Age of Anger: A History of the Present

Age of Anger: A History of the Present

Pankaj Mishra




To my sisters, Ritu and Poonam, and their children, Aniruddh, Siddhartha and Sudhanshu





Preface

I started thinking about this book in 2014 after Indian voters, including my own friends and relatives, elected Hindu supremacists to power, and Islamic State became a magnet for young men and women in Western democracies. I finished writing it during the week in 2016 in which Britain voted to leave the European Union. It went to the printers in the week that Donald Trump was elected president of the United States. Each of these earthquakes revealed fault lines that I felt had been barely noticed over the years, running through inner lives as well as nations, communities and families. The pages that follow try to make sense of bewildering, and often painful, experiences by re-examining a divided modern world, this time from the perspective of those who came late to it, and felt, as many people do now, left, or pushed, behind.





1. Prologue: Forgotten Conjunctures

Everywhere, people are awaiting a messiah, and the air is laden with the promises of large and small prophets … we all share the same fate: we carry within us more love, and above all more longing than today’s society is able to satisfy. We have all ripened for something, and there is no one to harvest the fruit …

Karl Mannheim (1922)

In September 1919 the Italian poet Gabriele D’Annunzio, accompanied by two thousand Italian mutineers, occupied the Adriatic town of Fiume. The writer and war hero, one of the most famous Europeans of his time, had long wanted to capture all the territories that he believed had always been part of ‘Mother Italy’. In 1911 he had zealously supported Italy’s invasion of Libya, an expedition whose savagery stoked outrage across the Muslim world. Amid the chaos at the end of the First World War, and with the collapse of the region’s previous ruler, D’Annunzio saw a chance to realize his dream of rejuvenating Italian manhood through violence.

Installed as ‘il Duce’ of the ‘Free State of Fiume’, D’Annunzio created a politics of outrageous rhetoric and gestures – politics in the grand style. He invented the stiff-armed salute, which the Nazis later adopted, and designed a black uniform with pirate skull and crossbones, among other things; he talked obsessively of martyrdom, sacrifice and death. Benito Mussolini and Adolf Hitler, then obscure men, were keen students of the pseudo-religious speeches this shaven-headed man delivered daily on his balcony to his black-shirted ‘legionnaires’ (before retreating to his sexual partners of the day).

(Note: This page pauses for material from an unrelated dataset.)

(* Assume $\mathcal E$ is stable under pullback. Let $c$ be a closure operator on $\mathcal A$ and let $X\in\mathcal X$ be $c^\rho$-compact. Factor $\rho_X=\rho_X^{\mathcal M}\rho_X^{\mathcal E}$ with $\rho_X^{\mathcal E}\in\mathcal E$, $\rho_X^{\mathcal M}\in\mathcal M$, and let $R^{\mathcal E}X$ denote the codomain of $\rho_X^{\mathcal E}$. Then: (a) $R^{\mathcal E}X$ is $c^\rho$-compact; (b) if $RX$ is $c$-separated, then $\rho_X\in\mathcal E$ and $RX$ is $c$-compact.
   Context: Standing setting. $\mathcal X$ and $\mathcal A$ are finitely complete categories; $\mathcal X$ carries a proper factorization system $(\mathcal E,\mathcal M)$ and $\mathcal A$ a proper factorization system $(\mathcal F,\mathcal N)$ (proper: every member of $\mathcal E$, resp. $\mathcal F$, is an epimorphism and every member of $\mathcal M$, resp. $\mathcal N$, is a monomorphism). $\mathcal A$ is a full reflective subcategory of $\mathcal X$ with reflector $R:\mathcal X\to\mathcal A$ and reflection (unit) $\rho_X:X\to RX$; as in the paper's setting, $\mathcal N\subseteq\mathcal M$ and $R\mathcal E\subseteq\mathcal F$. For $X\in\mathcal X$, $\operatorname{sub}X$ is the class $\mathcal M/X$ of $\mathcal M$-morphisms with codomain $X$, preordered by $m\le n$ iff $m=nj$ for some morphism $j$; for $A\in\mathcal A$, $\operatorname{sub}_{\mathcal A}A=\mathcal N/A$ with the same preorder. For $f:X\to Y$ and $m\in\operatorname{sub}X$, the image $f(m)\in\operatorname{sub}Y$ is the $\mathcal M$-part of the $(\mathcal E,\mathcal M)$-factorization of $fm$, and for $n\in\operatorname{sub}Y$ the preimage $f^{-1}(n)\in\operatorname{sub}X$ is the pullback of $n$ along $f$ (analogously in $\mathcal A$ using $(\mathcal F,\mathcal N)$). A closure operator $c$ on $\mathcal A$ (with respect to $\mathcal N$) is a family of maps $c_A:\operatorname{sub}_{\mathcal A}A\to\operatorname{sub}_{\mathcal A}A$ ($A\in\mathcal A$) such that $m\le c_A(m)$, $m\le n\Rightarrow c_A(m)\le c_A(n)$, and $f(c_A(m))\le c_B(f(m))$ for every morphism $f:A\to B$ of $\mathcal A$; closure operators on $\mathcal X$ (with respect to $\mathcal M$) are defined likewise. For an arbitrary morphism $g:M\to A$ of $\mathcal A$, write $g(1_M)$ for the $\mathcal N$-part of its $(\mathcal F,\mathcal N)$-factorization and put $c_A(g):=c_A(g(1_M))$. The $R$-initial lift of $c$ is the closure operator $c^\rho$ on $\mathcal X$ given by $c^\rho_X(m)=\rho_X^{-1}(c_{RX}(Rm))$ for $X\in\mathcal X$, $m\in\operatorname{sub}X$. A subobject $m$ is $c$-closed if $c(m)=m$; an object $A$ is $c$-separated if its diagonal $\delta_A:A\to A\times A$ is $c$-closed. For a closure operator $d$ on a category, an object $X$ is $d$-compact if for every object $Y$ the projection $\pi_Y:X\times Y\to Y$ is $d$-preserving, i.e. $\pi_Y(d_{X\times Y}(m))=d_Y(\pi_Y(m))$ for every subobject $m$ of $X\times Y$ (for $c$-compactness of an object of $\mathcal A$, $Y$ ranges over $\mathcal A$ and subobjects over $\operatorname{sub}_{\mathcal A}$; for $c^\rho$-compactness, over $\mathcal X$ and $\operatorname{sub}$). *)

Set Implicit Arguments.
Unset Strict Implicit.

Eager volunteers – testosterone-driven teenagers as well as pedantic socialists – came from places as far away as Ireland, India and Egypt to join Fiume’s carnival of erotic militarism. For them, life, devoid of its old rules, seemed to be beginning all over again: a purer, more beautiful and honest existence.

As the months passed, and his sexual appetite and megalomania deepened, D’Annunzio began to see himself leading an international insurrection of all oppressed peoples. In practice, this short-statured man of humble provincial origins, a parvenu who tried to pass himself off as an aristocrat, remained simply an opportunistic prophet for angry misfits in Europe: those who saw themselves as wholly dispensable in a society where economic growth enriched only a minority and democracy appeared to be a game rigged by the powerful.

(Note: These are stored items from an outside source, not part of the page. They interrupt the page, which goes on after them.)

Lemma count_good00 m L j :
  count_good m.+1 [:: 0; 0] L j = word_count m j L + m * word_count m j.+1 L.
Proof.
case: L => [|L]; first by case: j => [|j] /=; rewrite muln0.
rewrite /count_good count_words_cons -[iota 0 m.+2]/(0 :: iota 1 m.+1) big_cons.
rewrite (eq_count (a2 := pred0)) ?count_pred0 => [|w]; last first.
  by rewrite /= good_shape_000.
by rewrite add0n sum_nonzero_letters // => x w; apply: good_shape_00nz.
Qed.

Lemma count_good0S m L j : count_good m.+1 [:: 0] L.+1 j =
  count_good m.+1 [:: 0; 0] L j + (word_count m j L.+1 + m * word_count m j.+1 L.+1).
Proof.
rewrite /count_good count_words_cons -[iota 0 m.+2]/(0 :: iota 1 m.+1) big_cons.
by rewrite sum_nonzero_letters // => x w; apply: good_shape_0nz.
Qed.

Lemma word_countS m k n :
  word_count m k.+1 n = conv f0 (word_count m k) n + m * conv f0 (word_count m k.+1) n.
Proof.
pose U L := word_count m k L + m * word_count m k.+1 L.
have -> : conv f0 (word_count m k) n + m * conv f0 (word_count m k.+1) n = conv f0 U n.
  by rewrite /U convDr convZr.
case: n => [|[|n]]; try by rewrite conv_f0_lt2.
rewrite /= count_good_nilS.
case: n => [|n]; first by rewrite conv_f0_2 /U /= -count_good00.
by rewrite count_good0S conv_f0_SSS count_good00 addnC.
Qed.

Lemma conv_pow_f_word_count m k n : conv_pow (f m) k n = word_count m k n.
Proof.
elim: k n => [|k IH] n //.
have IH' : conv_pow (f m) k = word_count m k by apply: functional_extensionality.
apply: (@conv_uniq_fixpoint (fun i => m * f0 i) (conv f0 (word_count m k)))
  => [|{}n|{}n]; first exact: muln0.
- by rewrite convZl conv_pow_fS IH'.
- by rewrite convZl word_countS.
Qed.

Theorem corollary31 (m n k : nat) :
  1 <= m -> 3 < n -> 1 <= k <= n ->
  c m n k =
  #|[set w : (n.-1).-tuple 'I_m.+1 | good_word k (map (@nat_of_ord m.+1) w)]|.
Proof.
case: m => // m _ _ /andP[k_gt0 _].
rewrite card_words (eq_count (good_wordE k)) c_conv_pow conv_pow_f_word_count.
by case: k k_gt0.
Qed.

Frustrated men had defined whole new modes of politics, from nationalism to terrorism, since the French Revolution. Many in France itself had long been affronted by the hideous contrast between the glory of both the revolution and the era of Napoleon and the mean compromises that followed of economic liberalism and political conservatism. Alexis de Tocqueville had repeatedly called for a great energizing adventure: the ‘domination and subjugation’ of the Algerian people and the creation of a French Empire in North Africa. As the century ended, a trash-talking demagogue called General Georges Boulanger rose swiftly on the back of mass disgust over moral scandals, economic setbacks and military defeats, and came perilously close to seizing power.

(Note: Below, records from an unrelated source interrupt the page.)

(* Let $p$ be a prime and $m,k$ positive integers with $k\mid p^m-1$, and set $u=\frac{p^m-1}{k}$. Assume $u$ is a primitive divisor of $p^m-1$ and $u=b(p^{a}-1)$ with integers $a\ge1$, $b>1$, $m=ab$. Let $\omega$ be a primitive element of $\mathbb{F}_{p^m}$ and, for $x\in\mathbb{F}_{p^m}$, write $x=\sum_{i=0}^{b-1}c_i\omega^{ik}$ with $c_i\in\mathbb{F}_{p^a}$ and $[x]=(c_0,\ldots,c_{b-1})\in\mathbb{F}_{p^a}^b$, with $[x]_i:=c_{i-1}$ for $i=1,\ldots,b$. Then for all $x,y\in\mathbb{F}_{p^m}$ and every integer $r\ge0$, $$w_{\Gamma(k,p^m)}(r,x,y)=w_{H(b,p^{a})}(r,[x],[y])=\sum_{\substack{r_1+\cdots+r_b=r\\ r_i\ge0}} \frac{r!}{r_{1}!\cdots r_{b}!}\prod_{i=1}^b a_{i}(x,y),$$ where $$a_{i}(x,y)=\begin{cases}\frac{p^{a}-1}{p^{a}}\big((p^{a}-1)^{r_i-1}-(-1)^{r_i-1}\big) & \text{if } [x]_i=[y]_i,\\[1mm] \frac{1}{p^{a}}\big((p^{a}-1)^{r_i}-(-1)^{r_i}\big) & \text{if } [x]_i\neq[y]_i.\end{cases}$$
   Context: For $k\mid p^m-1$, the generalized Paley graph $\Gamma(k,p^m)$ has vertex set $\mathbb{F}_{p^m}$, with $x,y$ adjacent iff $y-x\in R_k=\{z^k:z\in\mathbb{F}_{p^m}^*\}$. A divisor $u$ of $p^m-1$ is primitive if $u\nmid p^h-1$ for all $1\le h<m$. Under the hypotheses, $\{1,\omega^k,\omega^{2k},\ldots,\omega^{(b-1)k}\}$ is a basis of $\mathbb{F}_{p^m}$ over $\mathbb{F}_{p^a}$. The Hamming graph $H(b,q)$ has as vertices the $b$-tuples over a set of size $q$ (here $\mathbb{F}_{p^a}$), two tuples adjacent iff they differ in exactly one entry. $w_G(r,v,w)$ is the number of walks of length $r$ from $v$ to $w$ in $G$, with $w_G(0,v,w)=1$ if $v=w$ and $0$ otherwise. *)

From HB Require Import structures.
From mathcomp Require Import all_boot all_order all_algebra all_field.
Set Implicit Arguments. Unset Strict Implicit. Unset Printing Implicit Defensive.
Import Order.TTheory GRing.Theory Num.Theory.
Local Open Scope ring_scope.

Fixpoint walks (V : finType) (e : rel V) (r : nat) (v w : V) : nat :=
  match r with
  | 0 => nat_of_bool (v == w)
  | r'.+1 => (\sum_(u : V | e v u) walks e r' u w)%N
  end.

Definition paley_rel (F : finFieldType) (k : nat) : rel F :=
  fun x y => [exists z : F, (z != 0) && (y - x == z ^+ k)].

Definition subF (F : finFieldType) (p a : nat) : finType :=
  {x : F | x ^+ (p ^ a) == x}.

Definition hamming_rel (Q : finType) (b : nat) : rel {ffun 'I_b -> Q} :=
  fun u v => #|[set i | u i != v i]| == 1%N.

Lemma one_in_subF (F : finFieldType) (p a : nat) : (1 : F) ^+ (p ^ a) == 1.
Proof. by rewrite expr1n. Qed.

Definition one_subF (F : finFieldType) (p a : nat) : subF F p a :=
  exist _ 1 (one_in_subF F p a).

Definition coords (F : finFieldType) (p a b k : nat) (w : F) (x : F)
    : {ffun 'I_b -> subF F p a} :=
  odflt [ffun => one_subF F p a]
    [pick c : {ffun 'I_b -> subF F p a} |
       x == \sum_(i < b) val (c i) * w ^+ (i * k)].

Definition acoef (q ri : nat) (same : bool) : rat :=
  if same then
    ((q%:R - 1) / q%:R) * ((q%:R - 1) ^ (ri%:Z - 1) - (-1) ^ (ri%:Z - 1))
  else
    (1 / q%:R) * ((q%:R - 1) ^ (ri%:Z) - (-1) ^ (ri%:Z)).

(* Write q = p^a.  Since u = b (q - 1) is primitive, the conjugates
   (w^k)^(q^j), j < b, are distinct; a nontrivial F_q-relation among
   1, w^k, ..., w^((b-1)k) would give a nonzero polynomial of degree < b over
   F_q vanishing at all of them, so x |-> [x] is a bijection onto F_q^b.
   As w^(kb) generates F_q^*, the nonzero k-th powers are exactly the
   e w^(ik) with e in F_q^* and i < b, so y - x is a k-th power iff [x] and
   [y] differ in exactly one coordinate: Gamma(k, p^m) is isomorphic to
   H(b, q).  Finally H(b, q) is the b-fold Cartesian power of K_q, walks in a
   Cartesian product are binomial convolutions of walks in the factors, and
   K_q has ((q-1)^r + (q-1)(-1)^r)/q closed walks and ((q-1)^r - (-1)^r)/q
   walks between two distinct vertices. *)

From HB Require Import structures.
From mathcomp Require Import all_boot all_order all_algebra all_field.
From mathcomp Require Import ring.
Import Order.TTheory GRing.Theory Num.Theory.
Set Implicit Arguments. Unset Strict Implicit. Unset Printing Implicit Defensive.
Local Open Scope ring_scope.

Lemma walks_iso (V V' : finType) (e : rel V) (e' : rel V') (f : V -> V') :
  bijective f -> {mono f : x y / e x y >-> e' x y} ->
  forall r x y, walks e' r (f x) (f y) = walks e r x y.
Proof.
move=> f_bij f_mono r; elim: r => [|r IHr] x y /=.
  by rewrite (inj_eq (bij_inj f_bij)).
rewrite (reindex f (onW_bij _ f_bij)) /=.
by apply: eq_big => z; rewrite ?f_mono ?IHr.
Qed.

Definition cartesian_rel (V1 V2 : finType) (e1 : rel V1) (e2 : rel V2) : rel (V1 * V2) :=
  fun x y => (e1 x.1 y.1 && (x.2 == y.2)) || ((x.1 == y.1) && e2 x.2 y.2).

Definition binom_conv (A B : nat -> nat) (n : nat) : nat :=
  (\sum_(j < n.+1) 'C(n, j) * A j * B (n - j))%N.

In the 1890s, as the first phase of economic globalization accelerated, xenophobic politicians in France demanded protectionism while targeting foreign workers – angry Frenchmen massacred dozens of Italian immigrant labourers in 1893. White supremacists in the United States had already stigmatized Chinese workers with explicitly racist laws and rhetoric; these were meant, along with segregationist policies against African-Americans, to restore the dignity of a growing number of white ‘wage slaves’. Demagogues in Austria-Hungary, who scapegoated Jews for the mass suffering inflicted by the anonymous forces of global capitalism, sought to copy anti-immigrant legislation introduced in America. The Western scramble for Asia and Africa in the late nineteenth century revealed that the political therapy offered by Cecil Rhodes – ‘he who would avoid civil war must be an imperialist’ – had become increasingly seductive, especially in Germany, which, though successfully industrialized and wealthy, had fostered many angry malcontents and proto-imperialists. At the dawn of the twentieth century, as the world experienced global capitalism’s first major crises, and the greatest international migration in history, anarchists and nihilists seeking the liberation of individual will from old and new shackles burst into terroristic violence. They murdered numerous heads of state, including one American president (William McKinley), in addition to countless civilians in crowded public spaces.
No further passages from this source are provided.